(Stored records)
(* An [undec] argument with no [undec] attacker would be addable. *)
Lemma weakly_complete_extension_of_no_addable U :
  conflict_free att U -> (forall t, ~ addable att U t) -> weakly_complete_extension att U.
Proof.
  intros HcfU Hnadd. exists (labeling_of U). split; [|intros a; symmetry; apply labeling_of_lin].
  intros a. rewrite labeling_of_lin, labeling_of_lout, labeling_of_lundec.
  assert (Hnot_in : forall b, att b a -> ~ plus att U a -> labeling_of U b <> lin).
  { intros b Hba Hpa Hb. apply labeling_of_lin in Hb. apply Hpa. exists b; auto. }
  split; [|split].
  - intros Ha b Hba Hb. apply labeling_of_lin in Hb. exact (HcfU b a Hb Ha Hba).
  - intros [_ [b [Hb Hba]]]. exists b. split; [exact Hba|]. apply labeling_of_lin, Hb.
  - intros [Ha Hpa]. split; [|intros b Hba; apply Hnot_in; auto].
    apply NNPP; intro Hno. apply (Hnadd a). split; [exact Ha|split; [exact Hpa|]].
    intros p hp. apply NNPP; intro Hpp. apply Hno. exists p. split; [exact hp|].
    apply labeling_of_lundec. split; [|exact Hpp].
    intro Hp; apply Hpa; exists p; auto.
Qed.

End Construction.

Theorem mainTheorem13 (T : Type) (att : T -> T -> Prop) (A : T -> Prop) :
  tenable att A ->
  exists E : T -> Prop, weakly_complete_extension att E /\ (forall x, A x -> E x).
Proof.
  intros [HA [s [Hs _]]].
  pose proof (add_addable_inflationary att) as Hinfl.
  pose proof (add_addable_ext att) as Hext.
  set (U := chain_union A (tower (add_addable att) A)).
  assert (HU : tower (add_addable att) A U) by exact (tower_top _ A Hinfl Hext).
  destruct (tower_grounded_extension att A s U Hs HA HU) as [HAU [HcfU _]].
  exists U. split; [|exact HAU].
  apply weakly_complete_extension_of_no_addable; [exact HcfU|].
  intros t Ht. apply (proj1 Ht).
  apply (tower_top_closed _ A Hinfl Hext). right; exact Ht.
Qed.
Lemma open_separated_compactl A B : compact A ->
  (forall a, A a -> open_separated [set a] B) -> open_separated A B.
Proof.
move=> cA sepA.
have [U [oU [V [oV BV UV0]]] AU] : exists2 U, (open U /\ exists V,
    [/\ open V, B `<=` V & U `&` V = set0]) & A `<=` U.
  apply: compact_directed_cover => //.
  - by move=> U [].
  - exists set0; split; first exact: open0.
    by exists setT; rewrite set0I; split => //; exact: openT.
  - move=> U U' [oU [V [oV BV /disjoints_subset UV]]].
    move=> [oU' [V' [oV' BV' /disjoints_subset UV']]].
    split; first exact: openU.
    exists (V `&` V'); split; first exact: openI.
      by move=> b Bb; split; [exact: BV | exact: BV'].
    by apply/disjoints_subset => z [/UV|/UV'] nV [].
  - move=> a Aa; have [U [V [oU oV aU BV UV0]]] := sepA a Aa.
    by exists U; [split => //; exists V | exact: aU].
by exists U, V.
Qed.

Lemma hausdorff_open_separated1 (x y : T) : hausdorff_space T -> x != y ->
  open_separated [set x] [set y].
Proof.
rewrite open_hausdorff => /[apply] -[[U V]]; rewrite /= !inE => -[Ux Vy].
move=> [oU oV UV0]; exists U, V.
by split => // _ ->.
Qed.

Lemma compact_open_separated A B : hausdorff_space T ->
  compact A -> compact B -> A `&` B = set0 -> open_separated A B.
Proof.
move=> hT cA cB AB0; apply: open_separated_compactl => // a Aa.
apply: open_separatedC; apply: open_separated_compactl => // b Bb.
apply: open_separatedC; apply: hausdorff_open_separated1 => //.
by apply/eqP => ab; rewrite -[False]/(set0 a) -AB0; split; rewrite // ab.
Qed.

● **DIRECTIONS FOR THIS TASK**
Each of the records is to be written out again exactly.

● **THE ANSWER**
(* An [undec] argument with no [undec] attacker would be addable. *)
Lemma weakly_complete_extension_of_no_addable U :
  conflict_free att U -> (forall t, ~ addable att U t) -> weakly_complete_extension att U.
Proof.
  intros HcfU Hnadd. exists (labeling_of U). split; [|intros a; symmetry; apply labeling_of_lin].
  intros a. rewrite labeling_of_lin, labeling_of_lout, labeling_of_lundec.
  assert (Hnot_in : forall b, att b a -> ~ plus att U a -> labeling_of U b <> lin).
  { intros b Hba Hpa Hb. apply labeling_of_lin in Hb. apply Hpa. exists b; auto. }
  split; [|split].
  - intros Ha b Hba Hb. apply labeling_of_lin in Hb. exact (HcfU b a Hb Ha Hba).
  - intros [_ [b [Hb Hba]]]. exists b. split; [exact Hba|]. apply labeling_of_lin, Hb.
  - intros [Ha Hpa]. split; [|intros b Hba; apply Hnot_in; auto].
    apply NNPP; intro Hno. apply (Hnadd a). split; [exact Ha|split; [exact Hpa|]].
    intros p hp. apply NNPP; intro Hpp. apply Hno. exists p. split; [exact hp|].
    apply labeling_of_lundec. split; [|exact Hpp].
    intro Hp; apply Hpa; exists p; auto.
Qed.

End Construction.

Theorem mainTheorem13 (T : Type) (att : T -> T -> Prop) (A : T -> Prop) :
  tenable att A ->
  exists E : T -> Prop, weakly_complete_extension att E /\ (forall x, A x -> E x).
Proof.
  intros [HA [s [Hs _]]].
  pose proof (add_addable_inflationary att) as Hinfl.
  pose proof (add_addable_ext att) as Hext.
  set (U := chain_union A (tower (add_addable att) A)).
  assert (HU : tower (add_addable att) A U) by exact (tower_top _ A Hinfl Hext).
  destruct (tower_grounded_extension att A s U Hs HA HU) as [HAU [HcfU _]].
  exists U. split; [|exact HAU].
  apply weakly_complete_extension_of_no_addable; [exact HcfU|].
  intros t Ht. apply (proj1 Ht).
  apply (tower_top_closed _ A Hinfl Hext). right; exact Ht.
Qed.
Lemma open_separated_compactl A B : compact A ->
  (forall a, A a -> open_separated [set a] B) -> open_separated A B.
Proof.
move=> cA sepA.
have [U [oU [V [oV BV UV0]]] AU] : exists2 U, (open U /\ exists V,
    [/\ open V, B `<=` V & U `&` V = set0]) & A `<=` U.
  apply: compact_directed_cover => //.
  - by move=> U [].
  - exists set0; split; first exact: open0.
    by exists setT; rewrite set0I; split => //; exact: openT.
  - move=> U U' [oU [V [oV BV /disjoints_subset UV]]].
    move=> [oU' [V' [oV' BV' /disjoints_subset UV']]].
    split; first exact: openU.
    exists (V `&` V'); split; first exact: openI.
      by move=> b Bb; split; [exact: BV | exact: BV'].
    by apply/disjoints_subset => z [/UV|/UV'] nV [].
  - move=> a Aa; have [U [V [oU oV aU BV UV0]]] := sepA a Aa.
    by exists U; [split => //; exists V | exact: aU].
by exists U, V.
Qed.

Lemma hausdorff_open_separated1 (x y : T) : hausdorff_space T -> x != y ->
  open_separated [set x] [set y].
Proof.
rewrite open_hausdorff => /[apply] -[[U V]]; rewrite /= !inE => -[Ux Vy].
move=> [oU oV UV0]; exists U, V.
by split => // _ ->.
Qed.

Lemma compact_open_separated A B : hausdorff_space T ->
  compact A -> compact B -> A `&` B = set0 -> open_separated A B.
Proof.
move=> hT cA cB AB0; apply: open_separated_compactl => // a Aa.
apply: open_separatedC; apply: open_separated_compactl => // b Bb.
apply: open_separatedC; apply: hausdorff_open_separated1 => //.
by apply/eqP => ab; rewrite -[False]/(set0 a) -AB0; split; rewrite // ab.
Qed.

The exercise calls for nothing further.